WHAT THE TASK ASKS - Among the entries below, only the lines starting at the one with "have a_gt0 : 0" and ending at the one with "by apply: cyclesD;", both included, are to be printed exactly.

RECORD EXTRACTS -
Lemma Phi_le y : (x < y)%N -> Phi y <= prime_recip_sum y - ln (ln (INR y)) - 1.
Proof.
move=> lt_xy; have x2 := INR_x_ge2.
have y_ge : INR x + 1 <= INR y by rewrite -S_INR; apply: leq_INR.
have a_gt0 : 0 < ln (INR y) by apply: ln_gt0; lra.
have M_ge := mertens_sum_ge y (leq_ltn_trans (leq0n x) lt_xy).
have c_ge0 : 0 <= c / (INR y - 1).
  apply: Rmult_le_pos; last by apply: Rlt_le; apply: Rinv_0_lt_compat; lra.
  by apply: Rlt_le; apply: Rinv_0_lt_compat; have := l_ge1; nra.
have : 1 <= (mertens_sum y + (7 / 4 + ln 2)) / ln (INR y).
  by apply: (Rmult_le_reg_r (ln (INR y))) => //; rewrite /Rdiv Rmult_assoc Rinv_l; lra.
rewrite /Phi /Rdiv Rmult_plus_distr_r; lra.
Qed.

Lemma ln_x_gt0 : 0 < ln (INR x).
Proof. by apply: ln_gt0; have := INR_x_ge2; lra. Qed.

Lemma ln_x_le_l : ln (INR x) <= l.
Proof. by apply: ln_le; have := INR_x_ge2; lra. Qed.

Lemma mertens_quotient_le :
  (mertens_sum x + (7 / 4 + ln 2)) / l <= 1 + (ln 4 + (7 / 4 + ln 2)) / ln (INR x).
Proof.
have l1 := l_ge1; have lx := ln_x_gt0; have lxl := ln_x_le_l.
have M_le := mertens_sum_le x (leq_trans (isT : (0 < 2)%N) x_ge2).
have ln2_gt0 : 0 < ln 2 by apply: ln_gt0; lra.
have ln4_gt0 : 0 < ln 4 by apply: ln_gt0; lra.
apply: Rle_trans (_ : (l + (ln 4 + (7 / 4 + ln 2))) / l <= _).
  by apply: Rmult_le_compat_r; [apply: Rlt_le; apply: Rinv_0_lt_compat | ]; lra.
rewrite /Rdiv Rmult_plus_distr_r Rinv_r; last lra.
apply: Rplus_le_compat_l; apply: Rmult_le_compat_l; first lra.
exact: Rinv_le_contravar.
Qed.
Lemma zideal_add U V : zideal U -> zideal V -> zideal (ideal_add U V).
Proof.
move=> idU idV; split.
- by exists 0; [apply: zideal0 | exists 0; [apply: zideal0 | rewrite addr0]].
- move=> _ _ [a Ua [b Vb <-]] [a' Ua' [b' Vb' <-]].
  exists (a + a'); first exact: zidealD.
  by exists (b + b'); [apply: zidealD | rewrite addrACA].
- move=> c _ zc [a Ua [b Vb <-]].
  by exists (c * a); [apply: zidealMl | exists (c * b); [apply: zidealMl | rewrite mulrDr]].
- move=> n _ [a Ua [b Vb <-]].
  exists (hcomp n a); first exact: zideal_hcomp.
  by exists (hcomp n b); [apply: zideal_hcomp | rewrite hcompD].
move=> _ [a Ua [b Vb <-]].
by apply: cyclesD; [apply: zideal_sub_cycles Ua | apply: zideal_sub_cycles Vb].
Qed.

Lemma ideal_addl U V : zideal V -> U `<=` ideal_add U V.
Proof. by move=> idV x Ux; exists x => //; exists 0; [apply: zideal0 | rewrite addr0]. Qed.

Lemma ideal_addr U V : zideal U -> V `<=` ideal_add U V.
Proof. by move=> idU x Vx; exists 0; [apply: zideal0 | exists x => //; rewrite add0r]. Qed.

Lemma ideal_add_sub U V W : zideal W -> U `<=` W -> V `<=` W -> ideal_add U V `<=` W.
Proof. by move=> idW UW VW _ [a /UW Wa [b /VW Wb <-]]; apply: zidealD. Qed.

Lemma zideal_mulr X t : zideal X -> homog t -> cycles t -> zideal [set b * t | b in X].
Proof.
move=> idX [k Gt] zt; split.
- by exists 0; [apply: zideal0 | rewrite mul0r].
- move=> _ _ [b Xb <-] [b' Xb' <-].
  by exists (b + b'); [apply: zidealD | rewrite mulrDl].
- by move=> c _ zc [b Xb <-]; exists (c * b); [apply: zidealMl | rewrite mulrA].
- move=> n _ [b Xb <-]; exists (hcomp (n - k) b); first exact: zideal_hcomp.
  by rewrite (hcomp_mulr _ _ Gt).
by move=> _ [b Xb <-]; apply: cyclesM => //; apply: zideal_sub_cycles Xb.
Qed.

Definition zprincipal y : set A := [set a * y | a in cycles].

Lemma zideal_principal y : homog y -> cycles y -> zideal (zprincipal y).
Proof. exact: zideal_mulr zidealT. Qed.

Lemma principal_self y : zprincipal y y.
Proof. by exists 1; [apply: cycles1 | apply: mul1r]. Qed.

Lemma principal_sub K y : zideal K -> K y -> zprincipal y `<=` K.
Proof. by move=> idK Ky _ [a za <-]; apply: zidealMl. Qed.

Definition zprod (X Y : set A) : set A :=
  sum_closure [set x * y | x in X `&` homog & y in Y `&` homog].

Lemma zideal_prod X Y : zideal X -> zideal Y -> zideal (zprod X Y).
Proof.
move=> idX idY; apply: zideal_sum_closure.
- move=> _ [x [Xx _] [y [Yy _] <-]].
  by apply: cyclesM; [apply: zideal_sub_cycles Xx | apply: zideal_sub_cycles Yy].
- move=> a _ za [x [Xx [p Gx]] [y Yhy <-]].
  rewrite (hcomp_sum a) mulr_suml; apply: sum_closure_sum => m _.
  apply: sum_closure_gen; exists (hcomp m a * x); last by exists y; rewrite // mulrA.
  split; first by apply: zidealMl => //; apply: cycles_hcomp.
  by exists (m + p); apply: homogM => //; apply: hcomp_homog.
move=> n _ [x [Xx [p Gx]] [y [Yy [q Gy]] <-]].
rewrite (hcomp_homog_eq _ (homogM Gx Gy)); case: eqP => _; last exact: sum_closure0.
by apply: sum_closure_gen; exists x; [split; last exists p | exists y; [split; last exists q|]].
Qed.

Lemma zprod_mem X Y x y : zideal X -> zideal Y -> X x -> Y y -> zprod X Y (x * y).
Proof.
move=> idX idY Xx Yy; rewrite (hcomp_sum x) (hcomp_sum y) mulr_suml.
apply: sum_closure_sum => m _; rewrite mulr_sumr; apply: sum_closure_sum => k _.
apply: sum_closure_gen; exists (hcomp m x).
  by split; [apply: zideal_hcomp | exists m; apply: hcomp_homog].
by exists (hcomp k y); first by split; [apply: zideal_hcomp | exists k; apply: hcomp_homog].
Qed.

Lemma zprod_subr X Y : zideal Y -> X `<=` cycles -> zprod X Y `<=` Y.
Proof.
move=> idY Xz; apply: sum_closure_min => // _ [x [/Xz zx _] [y [Yy _] <-]].
exact: zidealMl.
Qed.

(** * The radical *)

(* V/U is simple or zero. *)
Definition atom (U V : set A) :=
  forall W, zideal W -> U `<=` W -> W `<=` V -> W `<=` U \/ V `<=` W.

(* The Jacobson radical of Z(A): the cycles annihilating every simple subquotient V/U. *)
Definition radical : set A := [set x | cycles x /\
  forall U V, zideal U -> zideal V -> U `<=` V -> atom U V -> forall v, V v -> U (x * v)].

Lemma radical_sub_cycles : radical `<=` cycles.
Proof. by move=> x []. Qed.

Lemma zideal_radical : zideal radical.
Proof.
split.
- by split=> [|U V idU _ _ _ v _]; [apply: cycles0 | rewrite mul0r; apply: zideal0].
- move=> x y [zx Jx] [zy Jy]; split=> [|U V idU idV UV aUV v Vv]; first exact: cyclesD.
  by rewrite mulrDl; apply: zidealD => //; [apply: (Jx U V) | apply: (Jy U V)].
- move=> a x za [zx Jx]; split=> [|U V idU idV UV aUV v Vv]; first exact: cyclesM.
  by rewrite -mulrA; apply: zidealMl => //; apply: (Jx U V).
- move=> n x [zx Jx]; split=> [|U V idU idV UV aUV v Vv]; first exact: cycles_hcomp.
  rewrite (hcomp_sum v) mulr_sumr; apply: zideal_sum => // k _.
  rewrite -[n](addrK k) -(hcomp_mulr _ _ (hcomp_homog k v)).
  by apply: zideal_hcomp => //; apply: (Jx U V) => //; apply: zideal_hcomp.
exact: radical_sub_cycles.
Qed.

Lemma radical_mulr x b : radical x -> cycles b -> radical (x * b).
Proof.
move=> [zx Jx] zb; split=> [|U V idU idV UV aUV v Vv]; first exact: cyclesM.
by rewrite -mulrA; apply: (Jx U V) => //; apply: zidealMl.
Qed.

Lemma zideal_bigcup (F : set (set A)) : total_on F subset ->
    (forall X, F X -> X !=set0 -> zideal X) -> \bigcup_(X in F) X !=set0 ->
  zideal (\bigcup_(X in F) X).
Proof.
move=> Ftot Fid [z [X0 FX0 X0z]].
have idX0 : zideal X0 by apply: Fid FX0 _; exists z.
have mem x : (\bigcup_(X in F) X) x -> exists2 X, F X & X x /\ zideal X.
  by move=> [X FX Xx]; exists X => //; split => //; apply: Fid FX _; exists x.
split.
- by exists X0 => //; apply: zideal0.
- move=> x y /mem [X FX [Xx idX]] /mem [Y FY [Yy idY]].
  have [XY|YX] := Ftot X Y FX FY.
    by exists Y => //; apply: zidealD => //; apply: XY.
  by exists X => //; apply: zidealD => //; apply: YX.
- by move=> a x za /mem [X FX [Xx idX]]; exists X => //; apply: zidealMl.
- by move=> n x /mem [X FX [Xx idX]]; exists X => //; apply: zideal_hcomp.
by move=> x /mem [X FX [Xx idX]]; apply: zideal_sub_cycles Xx.
Qed.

RESPONSE FOR THIS EXERCISE -
have a_gt0 : 0 < ln (INR y) by apply: ln_gt0; lra.
have M_ge := mertens_sum_ge y (leq_ltn_trans (leq0n x) lt_xy).
have c_ge0 : 0 <= c / (INR y - 1).
  apply: Rmult_le_pos; last by apply: Rlt_le; apply: Rinv_0_lt_compat; lra.
  by apply: Rlt_le; apply: Rinv_0_lt_compat; have := l_ge1; nra.
have : 1 <= (mertens_sum y + (7 / 4 + ln 2)) / ln (INR y).
  by apply: (Rmult_le_reg_r (ln (INR y))) => //; rewrite /Rdiv Rmult_assoc Rinv_l; lra.
rewrite /Phi /Rdiv Rmult_plus_distr_r; lra.
Qed.

Lemma ln_x_gt0 : 0 < ln (INR x).
Proof. by apply: ln_gt0; have := INR_x_ge2; lra. Qed.

Lemma ln_x_le_l : ln (INR x) <= l.
Proof. by apply: ln_le; have := INR_x_ge2; lra. Qed.

Lemma mertens_quotient_le :
  (mertens_sum x + (7 / 4 + ln 2)) / l <= 1 + (ln 4 + (7 / 4 + ln 2)) / ln (INR x).
Proof.
have l1 := l_ge1; have lx := ln_x_gt0; have lxl := ln_x_le_l.
have M_le := mertens_sum_le x (leq_trans (isT : (0 < 2)%N) x_ge2).
have ln2_gt0 : 0 < ln 2 by apply: ln_gt0; lra.
have ln4_gt0 : 0 < ln 4 by apply: ln_gt0; lra.
apply: Rle_trans (_ : (l + (ln 4 + (7 / 4 + ln 2))) / l <= _).
  by apply: Rmult_le_compat_r; [apply: Rlt_le; apply: Rinv_0_lt_compat | ]; lra.
rewrite /Rdiv Rmult_plus_distr_r Rinv_r; last lra.
apply: Rplus_le_compat_l; apply: Rmult_le_compat_l; first lra.
exact: Rinv_le_contravar.
Qed.
Lemma zideal_add U V : zideal U -> zideal V -> zideal (ideal_add U V).
Proof.
move=> idU idV; split.
- by exists 0; [apply: zideal0 | exists 0; [apply: zideal0 | rewrite addr0]].
- move=> _ _ [a Ua [b Vb <-]] [a' Ua' [b' Vb' <-]].
  exists (a + a'); first exact: zidealD.
  by exists (b + b'); [apply: zidealD | rewrite addrACA].
- move=> c _ zc [a Ua [b Vb <-]].
  by exists (c * a); [apply: zidealMl | exists (c * b); [apply: zidealMl | rewrite mulrDr]].
- move=> n _ [a Ua [b Vb <-]].
  exists (hcomp n a); first exact: zideal_hcomp.
  by exists (hcomp n b); [apply: zideal_hcomp | rewrite hcompD].
move=> _ [a Ua [b Vb <-]].
by apply: cyclesD; [apply: zideal_sub_cycles Ua | apply: zideal_sub_cycles Vb].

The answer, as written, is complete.